• _YOUR ASSIGNMENT_
From the first line of the data below, repeat each line exactly until you reach the line with "move=> m_gt0 Kym;"; include that line too.

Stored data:
Lemma size_Fadjoin_poly_le (F : fieldType) (L : fieldExtType F)
    (K : {subfield L}) (y x : L) m :
  (0 < m)%N -> y ^+ m \in K -> (size (Fadjoin_poly K y x) <= m)%N.
Proof.
move=> m_gt0 Kym; apply: leq_trans (size_Fadjoin_poly K y x) _.
rewrite -ltnS -size_minPoly.
have : minPoly K y %| 'X^m - (y ^+ m)%:P.
  apply: minPoly_dvdp; first by rewrite rpredB ?polyOverXn // polyOverC.
  by rewrite rootE !hornerE subrr.
move/dvdp_leq; rewrite size_XnsubC //; apply.
by rewrite -size_poly_eq0 size_XnsubC.
Qed.

(* Averaging the coordinates of x over the n conjugates y * zeta ^+ j keeps
   only the constant one. *)
Lemma Fadjoin_poly_prim_root_mem (F : fieldType) (L : fieldExtType F)
    (M : {subfield L}) (y x zeta : L) n :
    n.-primitive_root zeta -> y ^+ n \in M -> x \in <<M; y>>%VS ->
    (forall j, (Fadjoin_poly M y x).[y * zeta ^+ j] = x) ->
  x \in M.
Proof.
move=> zeta_prim Myn Mx_y conj_x; pose c := Fadjoin_poly M y x.
have size_c : (size c <= n)%N.
  by rewrite size_Fadjoin_poly_le ?(prim_order_gt0 zeta_prim).
have := sum_horner_prim_root zeta_prim y size_c.
under eq_bigr => j _ do rewrite conj_x.
rewrite sumr_const card_ord -[x *+ n]mulr_natl.
move=> /(mulfI (prim_root_natf_neq0 zeta_prim)) ->.
exact/polyOverP/Fadjoin_polyOver.
Qed.

Section KHom.
Variables (F : fieldType) (L : fieldExtType F).
Implicit Types (K V : {subfield L}) (f : 'End(L)).

Lemma kHom_fixed K V f x : kHom K V f -> x \in K -> f x = x.
Proof. by case/kHomP_tmp => fixK _; apply: fixK. Qed.

Lemma kHom_mul K V f x y : kHom K V f -> x \in V -> y \in V ->
  f (x * y) = f x * f y.
Proof. by case/kHomP_tmp => _ fM; apply: fM. Qed.

Lemma kHom_exp K V f x m : kHom K V f -> x \in V -> f (x ^+ m) = f x ^+ m.
Proof.
move=> homf Vx; elim: m => [|m IHm]; first by rewrite !expr0 (kHom_fixed homf) ?mem1v.
by rewrite !exprS (kHom_mul homf) ?rpredX // IHm.
Qed.

Lemma kHom_fixed_adjoin K V f y : kHom K V f -> y \in V -> f y = y ->
  kHom <<1; y>> V f.
Proof.
move=> homf Vy fy; apply/kHomP_tmp; split=> [v | v w Vv Vw]; last first.
  exact: (kHom_mul homf).
have poly1V q : q \is a polyOver 1%VS -> q \is a polyOver V.
  exact/polyOverSv/sub1v.
case/Fadjoin_polyP => q q1 ->; rewrite (kHom_horner homf (poly1V _ q1) Vy) fy.
by rewrite (kHom_poly_id homf) ?(polyOverSv (sub1v K)).
Qed.

End KHom.

Section AdjoinRoot.
Variables (F : fieldType) (L : fieldExtType F) (E : {subfield L}) (z : L).

Definition kHomExtend1 (r : L) : 'End(L) := kHomExtend E \1%VF z r.

Section Conjugate.
Variable r : L.
Hypothesis r_root : root (minPoly E z) r.

Let map1_minPoly_root : root (map_poly \1%VF (minPoly E z)) r.
Proof. by rewrite (kHom_poly_id (kHom1 E E)) ?minPolyOver. Qed.

Lemma kHomExtend1P : kHom E <<E; z>> (kHomExtend1 r).
Proof. exact: kHomExtendP (kHom1 E E) map1_minPoly_root. Qed.

Lemma kHomExtend1_val : kHomExtend1 r z = r.
Proof. exact: kHomExtend_val (kHom1 E E) map1_minPoly_root. Qed.

End Conjugate.

Lemma kHom_root_minPoly f x : kHom E <<E; z>> f -> x \in <<E; z>>%VS ->
  root (minPoly E z) x -> root (minPoly E z) (f x).
Proof. by move=> homf; apply: kHom_root_id (subv_adjoin E z) homf (minPolyOver E z). Qed.

Lemma root_minPoly_exprM k1 k2 : root (minPoly E z) (z ^+ k1) ->
  root (minPoly E z) (z ^+ k2) -> root (minPoly E z) (z ^+ (k1 * k2)).
Proof.
move=> root1 root2; have homf := kHomExtend1P root2; have Ez := memv_adjoin E z.
move: (kHom_root_minPoly homf (rpredX k1 Ez) root1).
by rewrite (kHom_exp _ homf Ez) kHomExtend1_val // -exprM mulnC.
Qed.
Definition graph_dom (G : set (I * I * I)) (x : I) : Prop := exists z, G (x, x, z).

(* [G] is the graph of an injection [D x D -> D], where [D] is its domain. *)
Definition square_embedding (G : set (I * I * I)) : Prop :=
  (forall x y z z', G (x, y, z) -> G (x, y, z') -> z = z') /\
  (forall x y z x' y', G (x, y, z) -> G (x', y', z) -> x = x' /\ y = y') /\
  (forall x y z, G (x, y, z) -> graph_dom G x /\ graph_dom G y /\ graph_dom G z) /\
  (forall x y, graph_dom G x -> graph_dom G y -> exists z, G (x, y, z)).

Definition nat_graph : set (I * I * I) :=
  fun p => exists n m, p = (e n, e m, e (to_nat (n, m))).

Lemma nat_graph_dom n : graph_dom nat_graph (e n).
Proof. exists (e (to_nat (n, n))). now exists n, n. Qed.

Lemma square_embedding_nat_graph : square_embedding nat_graph.
Proof.
  split; [|split; [|split]].
  - intros x y z z' [n [m H]] [n' [m' H']].
    injection H as -> -> ->. injection H' as E1 E2 ->.
    apply e_inj in E1. apply e_inj in E2. now subst.
  - intros x y z x' y' [n [m H]] [n' [m' H']].
    injection H as -> -> ->. injection H' as -> -> E.
    apply e_inj, to_nat_inj in E. now injection E as -> ->.
  - intros x y z [n [m H]]. injection H as -> -> ->.
    split; [|split]; apply nat_graph_dom.
  - intros x y [w [n [m H]]] [w' [n' [m' H']]].
    injection H as -> _ _. injection H' as -> _ _.
    exists (e (to_nat (n, n'))). now exists n, n'.
Qed.

Lemma square_embedding_chain (C : set (set (I * I * I))) :
  (forall G, C G -> square_embedding G) -> chain C -> square_embedding (union C).
Proof.
  intros CG Cch.
  assert (common : forall G G', C G -> C G' ->
            exists L, C L /\ sub G L /\ sub G' L).
  { intros G G' HG HG'. destruct (Cch G G' HG HG') as [S|S].
    - exists G'. repeat split; auto. intros p; auto.
    - exists G. repeat split; auto. intros p; auto. }
  split; [|split; [|split]].
  - intros x y z z' [G [HG H]] [G' [HG' H']].
    destruct (common G G' HG HG') as [L [HL [S1 S2]]].
    apply (proj1 (CG L HL) x y); auto.
  - intros x y z x' y' [G [HG H]] [G' [HG' H']].
    destruct (common G G' HG HG') as [L [HL [S1 S2]]].
    apply (proj1 (proj2 (CG L HL)) x y z); auto.
  - intros x y z [G [HG H]].
    destruct (proj1 (proj2 (proj2 (CG G HG))) x y z H) as [[w1 H1] [[w2 H2] [w3 H3]]].
    split; [|split]; [exists w1 | exists w2 | exists w3]; exists G; auto.
  - intros x y [w [G [HG H]]] [w' [G' [HG' H']]].
    destruct (common G G' HG HG') as [L [HL [S1 S2]]].
    destruct (proj2 (proj2 (proj2 (CG L HL))) x y) as [z Hz];
      [exists w; auto | exists w'; auto |].
    exists z, L; auto.
Qed.

Lemma square_embedding_pairing (G : set (I * I * I)) :
  square_embedding G -> exists F, pairing_on (graph_dom G) F.
Proof.
  intros [Gfun [Ginj [Gdom Gtot]]].
  destruct (choice (fun (uv : I * I) z => graph_dom G (fst uv) -> graph_dom G (snd uv) ->
                      G (fst uv, snd uv, z))) as [F HF].
  { intros [u v]. destruct (classic (graph_dom G u /\ graph_dom G v)) as [[Du Dv]|H].
    - destruct (Gtot u v Du Dv) as [z Hz]. now exists z.
    - exists u. intros Du Dv. exfalso. auto. }
  exists (fun u v => F (u, v)). split.
  - intros u v Du Dv. exact (proj2 (proj2 (Gdom u v _ (HF (u, v) Du Dv)))).
  - intros u v u' v' Du Dv Du' Dv' E.
    apply (Ginj u v (F (u, v))); [exact (HF (u, v) Du Dv)|].
    rewrite E. exact (HF (u', v') Du' Dv').
Qed.

Definition new_pair (M : set (I * I * I)) (Dn : set I) (x y : I) : Prop :=
  Dn x /\ Dn y /\ ~ (graph_dom M x /\ graph_dom M y).

Lemma square_embedding_enlarge (M : set (I * I * I)) (Dn : set I) (c : I -> I -> I) :
  square_embedding M -> (forall x, graph_dom M x -> Dn x) ->
  (forall x y, new_pair M Dn x y -> Dn (c x y) /\ ~ graph_dom M (c x y)) ->
  (forall x y x' y', new_pair M Dn x y -> new_pair M Dn x' y' ->
     c x y = c x' y' -> x = x' /\ y = y') ->
  square_embedding (fun p => let '(x, y, z) := p in
                      M (x, y, z) \/ (new_pair M Dn x y /\ z = c x y)).
Proof.
  intros [Mfun [Minj [Mdom Mtot]]] DDn cnew cinj.
  set (N := fun p : I * I * I => let '(x, y, z) := p in
              M (x, y, z) \/ (new_pair M Dn x y /\ z = c x y)).
  assert (domN : forall x, Dn x <-> graph_dom N x).
  { intro x. split.
    - intro Dnx. destruct (classic (graph_dom M x)) as [[w Hw]|nDx].
      + exists w. now left.
      + exists (c x x). right. repeat split; auto. intros [Dx _]; auto.
    - intros [w [H|[[Dnx _] _]]]; [apply DDn; exact (proj1 (Mdom _ _ _ H))|exact Dnx]. }
  split; [|split; [|split]].
  - intros x y z z' [H|[Hxy ->]] [H'|[Hxy' ->]]; eauto.
    + destruct (Mdom _ _ _ H) as [Dx [Dy _]]. destruct Hxy' as [_ [_ []]]; auto.
    + destruct (Mdom _ _ _ H') as [Dx [Dy _]]. destruct Hxy as [_ [_ []]]; auto.
  - intros x y z x' y' [H|[Hxy ->]] [H'|[Hxy' E]]; [eauto| | |auto].
    + exfalso. apply (proj2 (cnew x' y' Hxy')). rewrite <- E.
      exact (proj2 (proj2 (Mdom _ _ _ H))).
    + exfalso. apply (proj2 (cnew x y Hxy)). exact (proj2 (proj2 (Mdom _ _ _ H'))).
  - intros x y z [H|[Hxy ->]].
    + destruct (Mdom _ _ _ H) as [Dx [Dy Dz]]. split; [|split]; apply domN, DDn; auto.
    + split; [|split]; apply domN; [apply Hxy|apply Hxy|apply (cnew x y Hxy)].
  - intros x y Nx Ny. apply domN in Nx. apply domN in Ny.
    destruct (classic (graph_dom M x /\ graph_dom M y)) as [[Dx Dy]|Hn].
    + destruct (Mtot x y Dx Dy) as [z Hz]. exists z. now left.
    + exists (c x y). right. repeat split; auto.
Qed.

(* A square embedding whose domain [D] has two points and injects into its
   complement is not maximal: it extends to [D] together with a copy of [D]. *)
Lemma square_embedding_extend (M : set (I * I * I)) (a0 a1 : I) (h : I -> I) :
  square_embedding M -> graph_dom M a0 -> graph_dom M a1 -> a0 <> a1 ->
  (forall d, graph_dom M d -> ~ graph_dom M (h d)) -> inj_on (graph_dom M) h ->
  exists N, square_embedding N /\ sub M N /\ ~ sub N M.
Proof.
  intros HM Da0 Da1 a01 hout hinj.
  destruct (square_embedding_pairing M HM) as [F [FD Finj]].
  set (Dn := fun x => graph_dom M x \/ exists d, graph_dom M d /\ h d = x).
  destruct (absorb_image (graph_dom M) F a0 a1 h (conj FD Finj) Da0 Da1 a01 hinj)
    as [phi [phiD phiinj]].
  set (code := fun x y => h (F (phi x) (phi y))).
  assert (codeD : forall x y, new_pair M Dn x y -> graph_dom M (F (phi x) (phi y))).
  { intros x y [Dnx [Dny _]]. exact (FD _ _ (phiD x Dnx) (phiD y Dny)). }
  exists (fun p => let '(x, y, z) := p in M (x, y, z) \/ (new_pair M Dn x y /\ z = code x y)).
  split; [|split].
  - apply square_embedding_enlarge; [exact HM|intros x Dx; now left| |].
    + intros x y Hxy. split; [right; eexists; split; [exact (codeD x y Hxy)|reflexivity]|].
      exact (hout _ (codeD x y Hxy)).
    + intros x y x' y' Hxy Hxy' E.
      apply hinj in E; [|exact (codeD _ _ Hxy)|exact (codeD _ _ Hxy')].
      destruct Hxy as [Dnx [Dny _]]. destruct Hxy' as [Dnx' [Dny' _]].
      apply Finj in E; [|apply phiD; assumption ..].
      destruct E as [E1 E2]. split; apply phiinj; assumption.
  - intros [[x y] z] Mp. now left.
  - (* the pair [(h a0, h a0)] is new *)
    intro NM. set (b := h a0).
    assert (Dnb : Dn b) by (right; exists a0; auto).
    destruct HM as [_ [_ [Mdom _]]].
    assert (Mbb : M (b, b, code b b)).
    { apply NM. right. repeat split; auto. intros [Db _]. exact (hout a0 Da0 Db). }
    exact (hout a0 Da0 (proj1 (Mdom _ _ _ Mbb))).
Qed.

• _RESPONSE BELOW_
Lemma size_Fadjoin_poly_le (F : fieldType) (L : fieldExtType F)
    (K : {subfield L}) (y x : L) m :
  (0 < m)%N -> y ^+ m \in K -> (size (Fadjoin_poly K y x) <= m)%N.
Proof.
move=> m_gt0 Kym; apply: leq_trans (size_Fadjoin_poly K y x) _.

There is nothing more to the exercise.